Thursday, February 16, 2012

Justice, Forgiveness, Mercifulness

Justice: Behavior according to what is right/fair
Forgiveness: Stop feeling angry/resentful to someone due to a wrong doing
Mercifulness: Compassion towards someone when you have the right to punish/harm


All three of these words sound great--they all sound like words that we like, right? But when you really look at them, you'll see that it's difficult for them to exist together. It's so hard for me to balance those words together.

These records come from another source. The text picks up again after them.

Lemma sigmatE k d z : xt k.+1 d z -> sigmat X xt k d = cls X k (k + d) (shift z).
Proof.
move=> xt_z; apply/seteqP; split=> [y [z' [xt_z' y_z']]|y y_z]; last by exists z.
by rewrite (cls_eq (kl_equiv_shift (Xt_X xt_z) (Xt_X xt_z') (Xt_same xt_z xt_z'))).
Qed.

Lemma sigmat_limit x y : tlimit xt y -> tlimit (sigmat X xt) x -> shift y = x.
Proof.
move=> lim_y lim_x; apply/funext => n; have [u xt_u] := Xt_nonempty n.+2 0.
rewrite /shift -(lim_y _ _ _ _ xt_u (ltnSn _)); apply: (lim_x n.+1 0 (shift u)) => //.
by rewrite (sigmatE xt_u); exact/cls_self/(X_shift shiftX)/(Xt_X xt_u).
Qed.

End Point.

Lemma Xt_imath x : X x -> Xt X (imath X x).
Proof.
move=> Xx; split=> [k d|k d k' d' le_kk' le_dd' z [Xz xz]]; first by exists x.
exact/cls_eq/(kl_equiv_mono Xx Xz le_kk' le_dd').
Qed.

Lemma sigmat_imath x : X x -> sigmat X (imath X x) = imath X (shift x).
Proof.
by move=> Xx; apply/funext => k; apply/funext => d; rewrite (sigmatE (Xt_imath Xx) (z := x)).
Qed.

Lemma imath_inj x y : X x -> X y -> imath X x = imath X y -> x = y.
Proof.
move=> Xx Xy eq_xy; apply/funext => i.
have : imath X y i.+1 0 y by [].
by rewrite -eq_xy => -[_ [agree _]]; exact: agree.
Qed.

End Classes.

Section Fibre.
Variable A : finType.
Variable X : set (nat -> A).
Hypothesis shiftX : (@shift A) @` X = X.
Variables y1 y2 : tpoint A.
Hypothesis Xt_y1 : Xt X y1.
Hypothesis Xt_y2 : Xt X y2.
Hypothesis sigmat_y12 : sigmat X y1 = sigmat X y2.

Lemma fibre_shift_equiv k d u1 u2 : y1 k.+1 d.+1 u1 -> y2 k.+1 d.+1 u2 ->
  kl_equiv X k (k + d.+1) (shift u1) (shift u2).
Proof.
move=> y1_u1 y2_u2; have := sigmatE shiftX Xt_y2 y2_u2.
rewrite -sigmat_y12 (sigmatE shiftX Xt_y1 y1_u1) => eq_cls.
have : cls X k (k + d.+1) (shift u2) (shift u2).
  exact/cls_self/(X_shift shiftX)/(Xt_X Xt_y2 y2_u2).
by rewrite -eq_cls => -[].
Qed.

Lemma fibre_eq_of_head l1 l2 : tlimit y1 l1 -> tlimit y2 l2 -> l1 0 = l2 0 -> y1 = y2.
Proof.
move=> lim_l1 lim_l2 head; apply/funext => k; apply/funext => d.
have [u1 y1_u1] := Xt_nonempty Xt_y1 k.+1 d.+1.
have [u2 y2_u2] := Xt_nonempty Xt_y2 k.+1 d.+1.
rewrite (Xt_cls Xt_y1 (Xt_mono Xt_y1 (leqnSn k) (leqnSn d) y1_u1)).
rewrite (Xt_cls Xt_y2 (Xt_mono Xt_y2 (leqnSn k) (leqnSn d) y2_u2)).
have [agree eq_P] := (klE _ _ _ _ _).1 (fibre_shift_equiv y1_u1 y2_u2).
apply/cls_eq/kl_equiv_predk/klE; split=> [[|i] lt_ik|].
- by rewrite (lim_l1 _ _ _ _ y1_u1) // (lim_l2 _ _ _ _ y2_u2).
- exact: agree.
by rewrite -!shiftn_shift addSnnS.
Qed.

Lemma fibre_class_meets_Spl l1 l2 k d : tlimit y1 l1 -> tlimit y2 l2 ->
  l1 0 <> l2 0 -> exists2 w, sigmat X y1 k d w & Spl X (@shift A) w.
Proof.
move=> lim_l1 lim_l2 head.
have [u1 y1_u1] := Xt_nonempty Xt_y1 k.+1 d.+1.
have [u2 y2_u2] := Xt_nonempty Xt_y2 k.+1 d.+1.
have [Xu1 Xu2] := (Xt_X Xt_y1 y1_u1, Xt_X Xt_y2 y2_u2).
have [agree eq_P] := (klE _ _ _ _ _).1 (fibre_shift_equiv y1_u1 y2_u2).
exists (shift u1).
  rewrite (sigmatE shiftX Xt_y1 (Xt_mono Xt_y1 (leqnn _) (leqnSn d) y1_u1)).
  exact/cls_self/(X_shift shiftX).
split; first exact: X_shift.
exists u1, (wcat [:: u2 0] (shift u1)); do !split=> //; last exact: shift_wcat1.
- set s := u2 0 :: mkseq (shift u2) k.
  have P2_s : Pset X k.+1 (shiftn k (shift u2)) s.
    split; first by rewrite /= size_mkseq.
    by rewrite /s -cat1s -wcat_cat wcat_mkseq_shiftn // wcat1_shift.
  have [_] : Pset X k.+1 (shiftn k (shift u1)) s.
    rewrite (Pset_eq_leq shiftX _ _ _ eq_P) ?addnS ?ltnS ?leq_addr //;
    exact/(X_shiftn shiftX k)/(X_shift shiftX).
  by rewrite /s -cat1s -wcat_cat wcat_mkseq_shiftn // => i /agree ->.
- move=> /(congr1 (fun x => x 0)); rewrite /wcat /= => head12; apply: head.
  by rewrite -(lim_l1 _ _ _ _ y1_u1) // -(lim_l2 _ _ _ _ y2_u2).
Qed.

End Fibre.

Lemma finite_set_separated (A : finType) (S : set (nat -> A)) x : finite_set S ->
  exists K, forall w, S w -> (forall i, i < K -> w i = x i) -> w = x.
Proof.
move=> finS.
have bound_diff w : exists m, w <> x -> exists2 j, j < m & w j <> x j.
  have [->|neq_wx] := pselect (w = x); first by exists 0.
  have [j neq_j] : exists j, w j <> x j.
    by apply/existsNP => eq_wx; apply/neq_wx/funext.
  by exists j.+1 => _; exists j.
have [f fP] := choice bound_diff.
have [s eq_s] := (finite_seqP _).1 (finite_image f finS).
exists (\max_(m <- s) m) => w Sw agree; apply: contrapT => neq_wx.
have [j lt_j neq_j] := fP w neq_wx; apply/neq_j/agree/(leq_trans lt_j).
have : (f @` S) (f w) by exists w.
by rewrite eq_s => s_fw; apply: (leq_bigmax_seq (F := id)).
Qed.

Lemma Xt_eq_imath (A : finType) (X : set (nat -> A)) (S : set (nat -> A))
  (xt : tpoint A) x : finite_set S -> Xt X xt -> tlimit xt x ->
  (forall k d, exists2 w, xt k d w & S w) -> xt = imath X x.
Proof.
move=> finS Xt_xt lim_x meets; have [K sepK] := finite_set_separated x finS.
apply/funext => k; apply/funext => d; have [w xt_w Sw] := meets (k + K) d.
have eq_wx : w = x.
  by apply: sepK => // i lt_i; apply: lim_x xt_w _; rewrite ltn_addl.
rewrite eq_wx in xt_w.
by rewrite (Xt_cls Xt_xt (Xt_mono Xt_xt (leq_addr _ _) (leqnn _) xt_w)).
Qed.

Lemma Spl_Xt_sub (A : finType) (X : set (nat -> A)) :
  closed_seqset X -> (@shift A) @` X = X -> finite_set (Spl X (@shift A)) ->
  Spl (Xt X) (sigmat X) `<=` imath X @` Spl X (@shift A).
Proof.
move=> closedX shiftX finSpl xt.
move=> [Xt_xt [y1 [y2 [Xt_y1 [Xt_y2 [neq_y12 [sigma_y1 sigma_y2]]]]]]].
have sigma_y12 : sigmat X y1 = sigmat X y2 by rewrite sigma_y1 sigma_y2.
have [x Xx lim_x] := Xt_limit Xt_xt closedX.
have [l1 Xl1 lim_l1] := Xt_limit Xt_y1 closedX.
have [l2 Xl2 lim_l2] := Xt_limit Xt_y2 closedX.
have head : l1 0 <> l2 0.
  by move=> /(fibre_eq_of_head shiftX Xt_y1 Xt_y2 sigma_y12 lim_l1 lim_l2).
exists x.
  split=> //; exists l1, l2; do !split=> //.
  - by move=> eq_l12; apply: head; rewrite eq_l12.
  - by apply: (sigmat_limit shiftX Xt_y1 lim_l1); rewrite sigma_y1.
  - by apply: (sigmat_limit shiftX Xt_y2 lim_l2); rewrite sigma_y2.
apply/esym/(Xt_eq_imath finSpl Xt_xt lim_x) => k d; rewrite -sigma_y1.
exact: (fibre_class_meets_Spl shiftX Xt_y1 Xt_y2 sigma_y12 k d lim_l1 lim_l2 head).
Qed.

There are a lot of things I have trouble grasping about God, but the thing that's at the top of my list of incomprehensible things is the idea that God is fully just and fully merciful and fully forgiving.

I get made fun of (lovingly, I hope) due to my high guilt complex. But my sense of justice ranks even beyond my guilt complex. I have such a strong sense of justice and injustices destroy me when I see them happen.

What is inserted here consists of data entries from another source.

(* Let $(X,\|\cdot,\cdot\|)$ be a $2$-normed space, $f:X\to X$, and $x_0\in X$. Suppose that for every sequence $(x_n)$ in $X$ which statistically converges to $x_0$, the sequence $(f(x_n))$ converges to $f(x_0)$. Then $f$ is a constant function.
   Context: A $2$-normed space is a real linear space $X$ with $\dim X>1$ together with a function $\|\cdot,\cdot\|:X^2\to\mathbb{R}$ such that for all $x,y,z\in X$, $\alpha\in\mathbb{R}$: (1) $\|x,y\|=0$ iff $x,y$ are linearly dependent; (2) $\|x,y\|=\|y,x\|$; (3) $\|\alpha x,y\|=|\alpha|\|x,y\|$; (4) $\|x,y+z\|\le\|x,y\|+\|x,z\|$. A sequence $(x_n)$ in $X$ converges to $x\in X$ if $\lim_{n\to\infty}\|x_n-x,z\|=0$ for every $z\in X$. A sequence $(x_k)$ in $X$ statistically converges to $L\in X$ if for every $\epsilon>0$ and every $z\in X$, $\lim_{n\to\infty}\frac1n|\{k\le n:\|x_k-L,z\|\ge\epsilon\}|=0$. *)

From Stdlib Require Import Reals List.
Open Scope R_scope.

Record RLinSpace := {
  V :> Type;
  vadd : V -> V -> V;
  vzero : V;
  vopp : V -> V;
  vscal : R -> V -> V;
  vadd_assoc : forall x y z, vadd x (vadd y z) = vadd (vadd x y) z;
  vadd_comm : forall x y, vadd x y = vadd y x;
  vadd_0 : forall x, vadd x vzero = x;
  vadd_opp : forall x, vadd x (vopp x) = vzero;
  vscal_assoc : forall a b x, vscal a (vscal b x) = vscal (a * b) x;
  vscal_1 : forall x, vscal 1 x = x;
  vscal_distr_v : forall a x y, vscal a (vadd x y) = vadd (vscal a x) (vscal a y);
  vscal_distr_s : forall a b x, vscal (a + b) x = vadd (vscal a x) (vscal b x)
}.

Definition vsub (X : RLinSpace) (x y : X) : X := vadd X x (vopp X y).

Definition lin_dep (X : RLinSpace) (x y : X) : Prop :=
  exists a b : R, (a <> 0 \/ b <> 0) /\ vadd X (vscal X a x) (vscal X b y) = vzero X.

Definition dim_gt1 (X : RLinSpace) : Prop :=
  exists x y : X, ~ lin_dep X x y.

Definition is_2norm (X : RLinSpace) (N : X -> X -> R) : Prop :=
  (forall x y, N x y = 0 <-> lin_dep X x y) /\
  (forall x y, N x y = N y x) /\
  (forall (a : R) x y, N (vscal X a x) y = Rabs a * N x y) /\
  (forall x y z, N x (vadd X y z) <= N x y + N x z).

Definition conv2 (X : RLinSpace) (N : X -> X -> R) (u : nat -> X) (l : X) : Prop :=
  forall z : X, Un_cv (fun n => N (vsub X (u n) l) z) 0.

Fixpoint count_lt (P : nat -> Prop) (dec : forall k, {P k} + {~ P k}) (n : nat) : nat :=
  match n with
  | O => O
  | S m => (if dec m then 1 else 0) + count_lt P dec m
  end%nat.

Definition stat_conv2 (X : RLinSpace) (N : X -> X -> R) (u : nat -> X) (l : X) : Prop :=
  forall eps : R, eps > 0 -> forall z : X,
    Un_cv (fun n => INR (count_lt (fun k => N (vsub X (u k) l) z >= eps)
                                  (fun k => Rge_dec (N (vsub X (u k) l) z) eps)
                                  (S n)) / INR (S n)) 0.

From Stdlib Require Import Reals.
From Stdlib Require Import Lra Lia.
Open Scope R_scope.

(* The hypothesis forces f to be constant because statistical convergence
   ignores sets of natural density zero while ordinary convergence does not.
   Given any x, the sequence u equal to x at the perfect squares and to x0
   elsewhere statistically converges to x0, since the squares have density
   zero (there are at most sqrt n + 1 of them below n + 1).  Hence f (u k)
   converges to f x0; but f (u (m*m)) = f x for every m, so the value
   ||f x - f x0, z|| is taken infinitely often by a sequence tending to 0 and
   must vanish for every z.  Axiom (1) of a 2-norm together with dim X > 1
   then gives f x = f x0. *)

Section LinearAlgebra.
Variable X : RLinSpace.

Lemma add_idem_zero (a : X) : vadd X a a = a -> a = vzero X.
Proof.
  intros H. transitivity (vadd X (vadd X a a) (vopp X a)).
  - rewrite <- vadd_assoc, vadd_opp, vadd_0; reflexivity.
  - rewrite H; apply vadd_opp.
Qed.

Lemma vscal_0_l (z : X) : vscal X 0 z = vzero X.
Proof. apply add_idem_zero; rewrite <- vscal_distr_s, Rplus_0_r; reflexivity. Qed.

Lemma vscal_0_r (c : R) : vscal X c (vzero X) = vzero X.
Proof. apply add_idem_zero; rewrite <- vscal_distr_v, vadd_0; reflexivity. Qed.

Lemma vopp_unique (p q : X) : vadd X p q = vzero X -> q = vopp X p.
Proof.
  intros H. transitivity (vadd X (vopp X p) (vadd X p q)).
  - rewrite vadd_assoc, (vadd_comm X (vopp X p) p), vadd_opp, vadd_comm, vadd_0.
    reflexivity.
  - rewrite H, vadd_0; reflexivity.
Qed.

Lemma vscal_opp (a : R) (w : X) : vscal X (- a) w = vopp X (vscal X a w).
Proof. apply vopp_unique; rewrite <- vscal_distr_s, Rplus_opp_r; apply vscal_0_l. Qed.

Lemma vsub_eq0 (x y : X) : vsub X x y = vzero X -> x = y.
Proof.
  unfold vsub; intros H. transitivity (vadd X (vadd X x (vopp X y)) y).
  - rewrite <- vadd_assoc, (vadd_comm X (vopp X y) y), vadd_opp, vadd_0; reflexivity.
  - rewrite H, vadd_comm, vadd_0; reflexivity.
Qed.

Lemma vsub_diag (x : X) : vsub X x x = vzero X.
Proof. apply vadd_opp. Qed.

Lemma lin_dep_zero_l (z : X) : lin_dep X (vzero X) z.
Proof.
  exists 1, 0; split; [left; lra|].
  rewrite vscal_0_l, vscal_0_r, vadd_0; reflexivity.
Qed.

Lemma lin_dep_cases (w a : X) :
  lin_dep X w a -> w = vzero X \/ exists c, a = vscal X c w.
Proof.
  intros [al [be [Hne H]]]. destruct (Req_dec be 0) as [Hb|Hb].
  - subst be. rewrite vscal_0_l, vadd_0 in H. left.
    assert (Ha : al <> 0) by (destruct Hne; lra).
    rewrite <- (vscal_1 X w), <- (Rinv_l al Ha), <- vscal_assoc, H, vscal_0_r.
    reflexivity.
  - right. exists (- al / be). apply vopp_unique in H.
    rewrite <- (vscal_1 X a), <- (Rinv_l be Hb), <- vscal_assoc, H, <- vscal_opp,
      vscal_assoc.
    f_equal. field. exact Hb.
Qed.

Lemma dep_with_all_zero (w : X) :
  dim_gt1 X -> (forall z, lin_dep X w z) -> w = vzero X.
Proof.
  intros [a [b Hab]] Hw.
  destruct (lin_dep_cases w a (Hw a)) as [|[c Hc]]; auto.
  destruct (lin_dep_cases w b (Hw b)) as [|[d Hd]]; auto.
  exfalso; apply Hab; subst a b. destruct (Req_dec c 0) as [Hc0|Hc0].
  - subst c. exists 1, 0. split; [left; lra|].
    rewrite !vscal_0_l, vscal_0_r, vadd_0; reflexivity.
  - exists d, (- c). split; [right; lra|].
    rewrite !vscal_assoc, <- vscal_distr_s.
    replace (d * c + - c * d) with 0 by ring. apply vscal_0_l.
Qed.

Section TwoNormZero.
Variable N : X -> X -> R.
Hypothesis HN0 : forall x y, N x y = 0 <-> lin_dep X x y.

Lemma norm2_zero_l (z : X) : N (vzero X) z = 0.
Proof. apply HN0, lin_dep_zero_l. Qed.

Lemma norm2_vanish (w : X) :
  dim_gt1 X -> (forall z, N w z = 0) -> w = vzero X.
Proof. intros Hdim Hw. apply dep_with_all_zero; [exact Hdim|]. intros z; apply HN0, Hw. Qed.
End TwoNormZero.
End LinearAlgebra.

Definition density0 (P : nat -> bool) : Prop :=
  Un_cv (fun n => INR (count_lt (fun k => P k = true)
                                (fun k => Bool.bool_dec (P k) true) (S n)) / INR (S n)) 0.

Lemma count_lt_mono (P Q : nat -> Prop) dp dq n :
  (forall k, P k -> Q k) -> (count_lt P dp n <= count_lt Q dq n)%nat.
Proof.
  intros H. induction n as [|n IH]; simpl; [lia|].
  destruct (dp n), (dq n); try lia. exfalso; auto.
Qed.

Definition is_square (k : nat) : bool := Nat.eqb (Nat.sqrt k * Nat.sqrt k) k.

Lemma is_square_sq (m : nat) : is_square (m * m) = true.
Proof. unfold is_square. rewrite Nat.sqrt_square. apply PeanoNat.Nat.eqb_refl. Qed.

Lemma count_squares (n : nat) :
  (count_lt (fun k => is_square k = true)
            (fun k => Bool.bool_dec (is_square k) true) (S n) <= S (Nat.sqrt n))%nat.
Proof.
  induction n as [|n IH]; simpl in *.
  - destruct (Bool.bool_dec (is_square 0) true); simpl; lia.
  - destruct (Bool.bool_dec (is_square (S n)) true) as [Hsq|Hsq].
    + unfold is_square in Hsq. apply PeanoNat.Nat.eqb_eq in Hsq.
      pose proof (Nat.sqrt_spec n (le_0_n n)).
      assert (Nat.sqrt n < Nat.sqrt (S n))%nat by nia. lia.
    + pose proof (Nat.sqrt_le_mono n (S n) ltac:(lia)). lia.
Qed.

(* If c <= e * y failed, then c^2 >= e^2 y^2 > 2 y, contradicting c^2 <= 2 y. *)
Lemma ratio_small (c y e : R) :
  0 <= c -> 0 < y -> 0 < e -> c * c <= 2 * y -> y * (e * e) > 2 -> c / y < e.
Proof.
  intros Hc Hy He Hcy Hye.
  apply (Rmult_lt_reg_r y); [exact Hy|].
  unfold Rdiv. rewrite Rmult_assoc, Rinv_l, Rmult_1_r by lra.
  destruct (Rlt_le_dec c (e * y)) as [h|h]; [exact h|].
  exfalso. assert (c * c >= (e * y) * (e * y)) by (apply Rle_ge, Rmult_le_compat; nra).
  nra.
Qed.

(* A counting sequence bounded by sqrt n + 1 has density zero, since
   (c n / (n+1))^2 <= 2 / (n+1). *)
Lemma sqrt_bounded_ratio_cv0 (c : nat -> nat) :
  (forall n, (c n <= S (Nat.sqrt n))%nat) -> Un_cv (fun n => INR (c n) / INR (S n)) 0.
Proof.
  intros Hc e He.
  destruct (archimed_cor1 (e * e / 2)) as [M [HM HM0]]; [nra|].
  exists M. intros n Hn. unfold R_dist. rewrite Rminus_0_r.
  assert (Hsq : (c n * c n <= 2 * S n)%nat).
  { pose proof (Nat.sqrt_spec n (le_0_n n)). specialize (Hc n).
    assert (c n * c n <= S (Nat.sqrt n) * S (Nat.sqrt n))%nat
      by (apply PeanoNat.Nat.mul_le_mono; lia).
    nia. }
  apply le_INR in Hsq. rewrite !mult_INR in Hsq. simpl (INR 2) in Hsq.
  assert (Hy : 0 < INR (S n)) by (apply lt_0_INR; lia).
  assert (HMy : INR M < INR (S n)) by (apply lt_INR; lia).
  assert (HM' : 0 < INR M) by (apply lt_0_INR; lia).
  assert (Hinv : / INR (S n) < e * e / 2)
    by (apply Rlt_trans with (/ INR M); [apply Rinv_lt_contravar; nra | exact HM]).
  assert (Hye : INR (S n) * (e * e) > 2).
  { apply (Rmult_lt_compat_l (INR (S n))) in Hinv; [|lra].
    rewrite Rinv_r in Hinv; lra. }
  pose proof (pos_INR (c n)).
  rewrite Rabs_pos_eq by (apply Rmult_le_pos; [lra | left; apply Rinv_0_lt_compat; lra]).
  apply ratio_small; lra.
Qed.

Lemma squares_density0 : density0 is_square.
Proof. apply sqrt_bounded_ratio_cv0, count_squares. Qed.

(* A sequence equal to its limit outside a density-zero set statistically
   converges to it: the exceptional indices k (with ||u k - l, z|| >= eps)
   all lie in the density-zero set. *)
Lemma stat_conv2_off_density0 (X : RLinSpace) (N : X -> X -> R)
  (HN0 : forall x y, N x y = 0 <-> lin_dep X x y)
  (P : nat -> bool) (u : nat -> X) (l : X) :
  density0 P -> (forall k, P k = false -> u k = l) -> stat_conv2 X N u l.
Proof.
  intros HP Hu eps Heps z e He. destruct (HP e He) as [M HM]. exists M. intros n Hn.
  specialize (HM n Hn). unfold R_dist in *. rewrite Rminus_0_r in *.
  rewrite Rabs_pos_eq in * by
    (apply Rmult_le_pos; [apply pos_INR | left; apply Rinv_0_lt_compat, lt_0_INR; lia]).
  eapply Rle_lt_trans; [|exact HM].
  apply Rmult_le_compat_r; [left; apply Rinv_0_lt_compat, lt_0_INR; lia|].
  apply le_INR, count_lt_mono. intros k Hk.
  destruct (P k) eqn:E; [reflexivity|]. exfalso.
  rewrite (Hu k E), vsub_diag, norm2_zero_l in Hk by exact HN0. lra.
Qed.

Lemma cv0_frequent_value (a : nat -> R) (r : R) :
  Un_cv a 0 -> (forall M, exists n, (n >= M)%nat /\ a n = r) -> r = 0.
Proof.
  intros Ha Hr. destruct (Req_dec r 0) as [|Hr0]; [assumption|]. exfalso.
  destruct (Ha (Rabs r)) as [M HM]; [apply Rabs_pos_lt, Hr0|].
  destruct (Hr M) as [n [Hn Han]]. specialize (HM n Hn).
  unfold R_dist in HM. rewrite Rminus_0_r, Han in HM. lra.
Qed.

Theorem theorem3p2 (X : RLinSpace) (N : X -> X -> R)
  (HdimX : dim_gt1 X) (HN : is_2norm X N) (f : X -> X) (x0 : X) :
  (forall u : nat -> X, stat_conv2 X N u x0 -> conv2 X N (fun n => f (u n)) (f x0)) ->
  forall x y : X, f x = f y.
Proof.
  intros Hf.
  destruct HN as [HN0 _].
  assert (Hconst : forall x, f x = f x0).
  { intros x.
    set (u := fun k => if is_square k then x else x0).
    assert (Hstat : stat_conv2 X N u x0).
    { apply (stat_conv2_off_density0 X N HN0 is_square); [exact squares_density0|].
      intros k Hk; unfold u; rewrite Hk; reflexivity. }
    apply vsub_eq0, (norm2_vanish X N HN0); [exact HdimX|]. intros z.
    apply (cv0_frequent_value _ _ (Hf u Hstat z)). intros M.
    exists (S M * S M)%nat. split; [nia|].
    unfold u. rewrite is_square_sq. reflexivity. }
  intros x y. rewrite (Hconst x), (Hconst y). reflexivity.
Qed.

I hate that people are struggling. I hate that people who are absolutely incredible are having cruddy things happen to them. I hate that people are suffering, especially those who are suffering due to poor decisions made on other people's parts. I hate that bad things happen in the world. I hate that there are diseases, natural disasters, mental disorders, physical disorders. I hate that there is death.

I see all of those issues and I get upset. I weep and mourn.

I seek justice--I want wrongs righted.
I hold onto the peace that Jesus promises, I hold onto the character of God that I believe in--that He is fully just.

I also know that forgiveness must happen. I know that if true justice was sought, I wouldn't be redeemed. I don't deserve the love that Jesus offers, and I am so thankful for His forgiveness. I believe that He is fully forgiving.

I also know that mercy does not negate justice. I know that being merciful means fully loving. I believe that He is fully merciful.

I believe that God is fully just, fully forgiving, and fully merciful. I believe that there will be a day with no more tears, no more pain, no more fears. While I may not be able to grasp this idea of justice, forgiveness, and mercifulness, Jesus does. And I trust that He wants justice more than I do and that He loves people and the world more than I do.